Max Slevogt, Lithographie „Pegasus im Kriegsdienst“ (aus der Mappe „Geschichte“), Landesmuseum Mainz.

In diesem Jahr veröffentlicht der deutsche impressionistische Maler Max Slevogt (1868-1932) sein „Kriegstagebuch“mitZeichnungen und Aquarellen, sowie das Mappenwerk „Geschichte“. In beiden setzt er sich mit den Schrecken des Krieges auseinander. In dem Mappenwerk finden sich albtraumartige Lithographien wie „Die oberste Heeresleitung“: Eine an Generalfeldmarschall von Hindenburg erinnernde uniformierte Gestalt tippt mit dem Zeigefinger auf einen auf ein Podest gestellten Kopf, während Teile aus dessen entblößtem Gehirn auf den Boden geschleudert werden. Andere Lithographien tragen Titel wie „Der Traum des Siegers“, „Pegasus im Kriegsdienst“oder„Finale“.Letzteres zeigt einen knorrigen Baum, über dem ein Adler auffliegt, während ein einbeiniger Kriegsversehrter mit Krücken an mehreren aufgestellten Kreuzen vorbeihumpelt.

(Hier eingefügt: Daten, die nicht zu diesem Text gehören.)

Lemma broken_hinge_not_locally_extremal i x y :
  x \in X -> y \in Y -> broken_hinge Y i x y ->
  ~ locally_extremal (C := T) i (setX X Y).
Proof.
move=> xX yY [ex px ey py fyY] locXY.
case ex': (ce i x) => [x'|]; last by rewrite (eps_gt0 HC1) ex' in ex.
case fy: (cf i y) => [y'|]; last by rewrite (phi_gt0 HC2) fy in py.
have fxy : cf (c := T) i (x, y) = Some (x, y') by rewrite /= /tensor_f ey px ltnn fy.
have exy : ce (c := T) i (x, y) = Some (x', y) by rewrite /= /tensor_e ey px ex'.
rewrite fy /= in fyY; have := (locXY _ _ fxy).2.
by rewrite !in_setX xX yY exy => /(_ isT fyY).
Qed.

Lemma locally_extremal_tensor i :
  locally_extremal i X -> locally_extremal i Y ->
  (forall x y, x \in X -> y \in Y -> ~ broken_hinge Y i x y) ->
  locally_extremal (C := T) i (setX X Y).
Proof.
move=> locX locY no_hinge [x y] [x' y']; rewrite /= /tensor_f /tensor_e.
case: (ltnP (eps i y) (phi i x)) => [lt_yx|le_xy].
  case fx: (cf i x) => [z|] //= [<- <-]; have [L1 L2] := locX _ _ fx.
  rewrite !in_setX; split=> [/andP[/L1 -> ->] // | /andP[xX ->]].
  by rewrite andbT ltnW // => /(L2 xX) ->.
case fy: (cf i y) => [z|] //= [<- <-]; have [L1 L2] := locY _ _ fy.
rewrite !in_setX; split=> [/andP[-> /L1 ->] // | /andP[xX yY]]; rewrite xX /= => zY.
have ey0 : eps i y = 0 by apply/eqP; rewrite -leqn0 leqNgt (eps_gt0 HC2) (L2 yY zY).
move: le_xy; rewrite ey0 leqn0 => /eqP px; rewrite px leqnn.
case ex: (ce i x) => [x''|] //=; case: (no_hinge x y xX yY).
by split; rewrite ?(eps_gt0 HC1) ?(phi_gt0 HC2) ?ex ?fy.
Qed.

End Tensor.

Theorem theorem7p3 (I : finType) (C1 C2 : crystal I)
  (HC1 : crystal_axioms C1) (HC2 : crystal_axioms C2)
  (X : {set C1}) (Y : {set C2}) :
  extremal X -> extremal Y ->
  (extremal (C := tensor C1 C2) (setX X Y) <->
   ~ exists (i : I) (x : C1) (y : C2),
       [/\ x \in X, y \in Y & broken_hinge Y i x y]).
Proof.
move=> /(extremalP HC1) [/set0Pn [x0 x0X] locX] /(extremalP HC2) [/set0Pn [y0 y0Y] locY].
apply: iff_trans (extremalP (tensor_crystal_axioms HC1 HC2) _) _.
split=> [[_ locXY] [i [x [y [xX yY hinge]]]] | no_hinge].
  exact: broken_hinge_not_locally_extremal xX yY hinge (locXY i).
split; first by apply/set0Pn; exists (x0, y0); rewrite in_setX x0X y0Y.
move=> i; apply: locally_extremal_tensor => // x y xX yY hinge.
by apply: no_hinge; exists i, x, y.
Qed.
(* Let $K$ be a number field with ring of integers $\mathcal O_K$. Then the ring $\mathrm{Int}(\mathcal O_K)=\{f\in K[x]: f(\mathcal O_K)\subseteq\mathcal O_K\}$ has no prime element.
   Context: A prime element of a domain is a non-zero non-unit $p$ such that $p\mid ab$ implies $p\mid a$ or $p\mid b$. *)

From HB Require Import structures.
From mathcomp Require Import all_boot all_order all_algebra all_field.
Set Implicit Arguments. Unset Strict Implicit. Unset Printing Implicit Defensive.
Import GRing.Theory.
Local Open Scope ring_scope.

(* A number field is a finite-dimensional field extension K of Q:
   in MathComp, K : fieldExtType rat (finite dimension is built in). *)

Definition in_OK (K : fieldExtType rat) (x : K) : Prop :=
  exists p : {poly int}, p \is monic /\ root (map_poly (fun z : int => z%:~R) p) x.

Definition in_IntOK (K : fieldExtType rat) (f : {poly K}) : Prop :=
  forall a : K, in_OK a -> in_OK f.[a].

Definition IntOK_dvd (K : fieldExtType rat) (f g : {poly K}) : Prop :=
  exists h : {poly K}, in_IntOK h /\ g = f * h.

Definition IntOK_unit (K : fieldExtType rat) (f : {poly K}) : Prop :=
  exists h : {poly K}, in_IntOK h /\ f * h = 1.

Definition IntOK_prime (K : fieldExtType rat) (p : {poly K}) : Prop :=
  [/\ in_IntOK p, p <> 0, ~ IntOK_unit p &
      forall a b : {poly K}, in_IntOK a -> in_IntOK b ->
        IntOK_dvd p (a * b) -> IntOK_dvd p a \/ IntOK_dvd p b].

(* Fix a Q-basis of K and let N(y) be the determinant of multiplication by y; it is multiplicative and
   integral on O_K, so every nonzero y in O_K divides the positive integer |N(y)|. Since O_K has rank
   [K:Q], pigeonhole on O_K / N O_K gives k and m > 0 with alpha^k (alpha^m - 1) in N O_K for every
   alpha in O_K, i.e. X^k (X^m - 1) / N lies in Int(O_K).
   A constant prime c would then divide X^k (X^m - 1) = c (X^k (X^m - 1) / N) (N / c), hence X or
   X^m - 1, which makes 1/c integral. For a nonconstant prime p and beta = p(x) != 0, the polynomial
   p^k (p^m - 1) / N is integer-valued and primality cancels p^k, so 1/beta = beta^(m-1) - G(x) N / beta
   with G = (p^m - 1) / N is integral. Then N(p(a)) is 0 or a unit of Z for every natural a, which
   forces p to be constant. *)

From HB Require Import structures.
From mathcomp Require Import all_boot all_order all_algebra all_field.
From mathcomp Require Import zify ring.
Import Order.TTheory GRing.Theory Num.Theory.
Set Implicit Arguments. Unset Strict Implicit. Unset Printing Implicit Defensive.
Local Open Scope ring_scope.

Section IntegralElements.
Variable K : fieldExtType rat.
Implicit Types x y : K.

Lemma in_OKP x : in_OK x <-> integralOver (intr : {rmorphism int -> K}) x.
Proof. by split=> [[p [mp rp]] | [p mp rp]]; exists p. Qed.

Lemma OKD x y : in_OK x -> in_OK y -> in_OK (x + y).
Proof. by move=> /in_OKP hx /in_OKP hy; apply/in_OKP; apply: integral_add. Qed.

Lemma OKM x y : in_OK x -> in_OK y -> in_OK (x * y).
Proof. by move=> /in_OKP hx /in_OKP hy; apply/in_OKP; apply: integral_mul. Qed.

Lemma OKN x : in_OK x -> in_OK (- x).
Proof. by move=> /in_OKP hx; apply/in_OKP; apply: integral_opp. Qed.

Lemma OKB x y : in_OK x -> in_OK y -> in_OK (x - y).
Proof. by move=> hx hy; apply: OKD => //; apply: OKN. Qed.

Lemma OK_int (z : int) : in_OK (z%:~R : K).
Proof. by apply/in_OKP; apply: integral_id. Qed.

Lemma OK_nat m : in_OK (m%:R : K).
Proof. by have := OK_int m; rewrite pmulrn. Qed.

Lemma OKX x k : in_OK x -> in_OK (x ^+ k).
Proof.
move=> hx; elim: k => [|k IHk]; first by rewrite expr0; apply: (OK_nat 1).
by rewrite exprS; apply: OKM.
Qed.

Lemma OK_horner (q : {poly int}) x : in_OK x -> in_OK (map_poly intr q).[x].
Proof.
move=> /in_OKP hx; apply/in_OKP; apply: integral_horner => // z /(nthP 0) [i _ <-].
by rewrite coef_map; apply: integral_id.
Qed.

Lemma fieldExt_natr_eq0 (m : nat) : ((m%:R : K) == 0) = (m == 0)%N.
Proof. by rewrite -(rmorph_nat (in_alg K)) fmorph_eq0 pnatr_eq0. Qed.

End IntegralElements.

Section RegularRepresentation.
Variables (K : fieldExtType rat) (n : nat) (b : n.+1.-tuple K).
Hypothesis b_basis : basis_of {:K} b.
Implicit Types x y : K.

Definition lmulmx y : 'M[rat]_n.+1 := \matrix_(i, j) coord b j (b`_i * y).

Lemma lmulmxD x y : lmulmx (x + y) = lmulmx x + lmulmx y.
Proof. by apply/matrixP=> i j; rewrite !mxE mulrDr linearD. Qed.

Lemma lmulmxZ a y : lmulmx (a *: y) = a *: lmulmx y.
Proof. by apply/matrixP=> i j; rewrite !mxE -scalerAr linearZ. Qed.

Lemma lmulmxM x y : lmulmx (x * y) = lmulmx x *m lmulmx y.
Proof.
apply/matrixP=> i j; rewrite !mxE mulrA.
rewrite {1}(coord_basis b_basis (memvf (b`_i * x))) mulr_suml linear_sum.
by apply: eq_bigr => k _; rewrite !mxE -scalerAl linearZ.
Qed.

Lemma lmulmx1 : lmulmx 1 = 1%:M.
Proof.
by apply/matrixP=> i j; rewrite !mxE mulr1 coord_free ?(basis_free b_basis) // eq_sym.
Qed.

Lemma lmulmx_alg a : lmulmx a%:A = a%:M.
Proof. by rewrite lmulmxZ lmulmx1 scalemx1. Qed.

Lemma lmulmx0 : lmulmx 0 = 0.
Proof. by rewrite -(scale0r 1) lmulmxZ scale0r. Qed.

Lemma lmulmx_sum I (r : seq I) (P : pred I) (F : I -> K) :
  lmulmx (\sum_(i <- r | P i) F i) = \sum_(i <- r | P i) lmulmx (F i).
Proof. by elim/big_rec2: _ => [|i x y _ <-]; rewrite ?lmulmx0 ?lmulmxD. Qed.

Lemma lmulmx_horner (q : {poly rat}) y :
  lmulmx (map_poly (in_alg K) q).[y] = horner_mx (lmulmx y) q.
Proof.
elim/poly_ind: q => [|q c IHq]; first by rewrite map_poly0 horner0 rmorph0 lmulmx0.
rewrite rmorphD rmorphM /= map_polyX map_polyC /= hornerD hornerM hornerX hornerC.
by rewrite lmulmxD lmulmxM IHq rmorphD rmorphM /= horner_mx_X horner_mx_C lmulmx_alg.
Qed.

Definition normb y := \det (lmulmx y).

Lemma normbM x y : normb (x * y) = normb x * normb y.
Proof. by rewrite /normb lmulmxM det_mulmx. Qed.

Lemma normb1 : normb 1 = 1.
Proof. by rewrite /normb lmulmx1 det1. Qed.

Lemma normb0 : normb 0 = 0.
Proof. by rewrite /normb lmulmx0 det0. Qed.

Lemma normb_alg a : normb a%:A = a ^+ n.+1.
Proof. by rewrite /normb lmulmx_alg det_scalar. Qed.

Lemma normbV y : y != 0 -> normb y * normb y^-1 = 1.
Proof. by move=> y0; rewrite -normbM divff // normb1. Qed.

Lemma normb_eq0 y : (normb y == 0) = (y == 0).
Proof.
have [->|y0] := eqVneq y 0; first by rewrite normb0 eqxx.
by apply: contra_neqF (oner_neq0 rat) => ny0; rewrite -(normbV y0) (eqP ny0) mul0r.
Qed.

Lemma lmulmx_eq0 y : lmulmx y = 0 -> y = 0.
Proof. by move=> y0; apply/eqP; rewrite -normb_eq0 /normb y0 det0. Qed.

End RegularRepresentation.

(* The eigenvalues of A are roots of g, hence algebraic integers; so are the coefficients of
   char_poly A, which are also rational. *)
Lemma char_poly_int_of_root m (A : 'M[rat]_m.+1) (g : {poly int}) :
  g \is monic -> horner_mx A (map_poly intr g) = 0 ->
  char_poly A \is a polyOver Num.int.
Proof.
move=> mon_g gA0; pose A' := map_mx (ratr : rat -> algC) A.
have gA'0 : horner_mx A' (map_poly intr g) = 0.
  rewrite -[map_poly _ g](eq_map_poly (ratr_int algC)) map_poly_comp.
  by rewrite -map_horner_mx gA0 map_mx0.
have [r Dr] := closed_field_poly_normal (char_poly A').
rewrite (monicP (char_poly_monic A')) scale1r in Dr.
have r_Aint z : z \in r -> z \in Aint.
  move=> zr; have : root (char_poly A') z by rewrite Dr root_prod_XsubC.
  rewrite -root_mxminpoly => /(root_dvdp (mxminpoly_min gA'0)) gz.
  apply: (root_monic_Aint gz); first exact: monic_map.
  by apply/polyOverP => i; rewrite coef_map /= rpred_int.
have charA'_Aint : char_poly A' \is a polyOver Aint.
  rewrite Dr; elim: r r_Aint {Dr} => [|z r IHr] r_Aint; first by rewrite big_nil rpred1.
  rewrite big_cons rpredM ?polyOverXsubC ?r_Aint ?mem_head //.
  by apply: IHr => z' z'r; apply: r_Aint; rewrite inE z'r orbT.
apply/polyOverP => i; have := polyOverP charA'_Aint i.
rewrite /A' -map_char_poly coef_map /= => /(Cint_rat_Aint (Crat_rat _)).
by rewrite Cint_rat.
Qed.

Section NormIntegrality.
Variables (K : fieldExtType rat) (n : nat) (b : n.+1.-tuple K).
Hypothesis b_basis : basis_of {:K} b.
Implicit Types y : K.

Lemma map_poly_intr_alg (q : {poly int}) :
  map_poly (in_alg K) (map_poly intr q) = map_poly intr q.
Proof.
by rewrite -map_poly_comp; apply: eq_map_poly => z /=; rewrite -[RHS](rmorph_int (in_alg K)).
Qed.

Lemma OK_char_poly y : in_OK y -> exists chi : {poly int},
  [/\ chi \is monic, size chi = n.+2, root (map_poly intr chi) y &
      (chi`_0)%:~R = (-1) ^+ n.+1 * normb b y].
Proof.
case=> g [mon_g gy].
have gA0 : horner_mx (lmulmx b y) (map_poly intr g) = 0.
  by rewrite -lmulmx_horner // map_poly_intr_alg (rootP gy) lmulmx0.
have := char_poly_int_of_root mon_g gA0; set cp := char_poly _ => cp_int.
exists (map_poly (fun x : rat => Num.floor x) cp).
have chiE : map_poly intr (map_poly (fun x : rat => Num.floor x) cp) = cp.
  exact: floorpK.
split.
- apply/monicP/(@intr_inj rat).
  rewrite -lead_coef_map_inj ?mulr0z //; last exact: intr_inj.
  by rewrite chiE; apply/monicP/char_poly_monic.
- by rewrite -(size_map_inj_poly (@intr_inj rat)) // chiE size_char_poly.
- apply/rootP/(lmulmx_eq0 b_basis).
  by rewrite -map_poly_intr_alg chiE lmulmx_horner // Cayley_Hamilton.
- by have := congr1 (fun q : {poly rat} => q`_0) chiE; rewrite coef_map /= char_poly_det => ->.
Qed.

Lemma normb_int y : in_OK y -> normb b y \is a Num.int.
Proof.
move=> /OK_char_poly [chi [_ _ _ chi0E]].
have -> : normb b y = (-1) ^+ n.+1 * (chi`_0)%:~R.
  by rewrite chi0E mulrA -exprMn mulrNN mulr1 expr1n mul1r.
by rewrite rpredM ?rpred_int // rpredX // rpredN rpred1.
Qed.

Wie viele seiner Künstlerkollegen hat sich Max Slevogt 1914 zunächst freiwillig an die Front gemeldet – nicht als Soldat, sondern als offizieller Kriegsmaler. Er sieht und malt dort aber keineswegs großartige Schlachtengemälde, wie man es von einem im Kaiserreich anerkannten Künstler erwartet hätte. Seine Werke zeigen vielmehr brutale Zerstörungen, wie auf seinen Aquarellen von der „Kathedrale von Löwen“, von der „Versorgung Verwundeter in einer Kirche“ oder eines „Gefallenen Engländers“. Einmal an der Front, verblasst seine anfängliche Kriegsbegeisterung rasch. Er kann in die Heimat zurückkehren, wo er seine Eindrücke in künstlerischen Werken verarbeitet.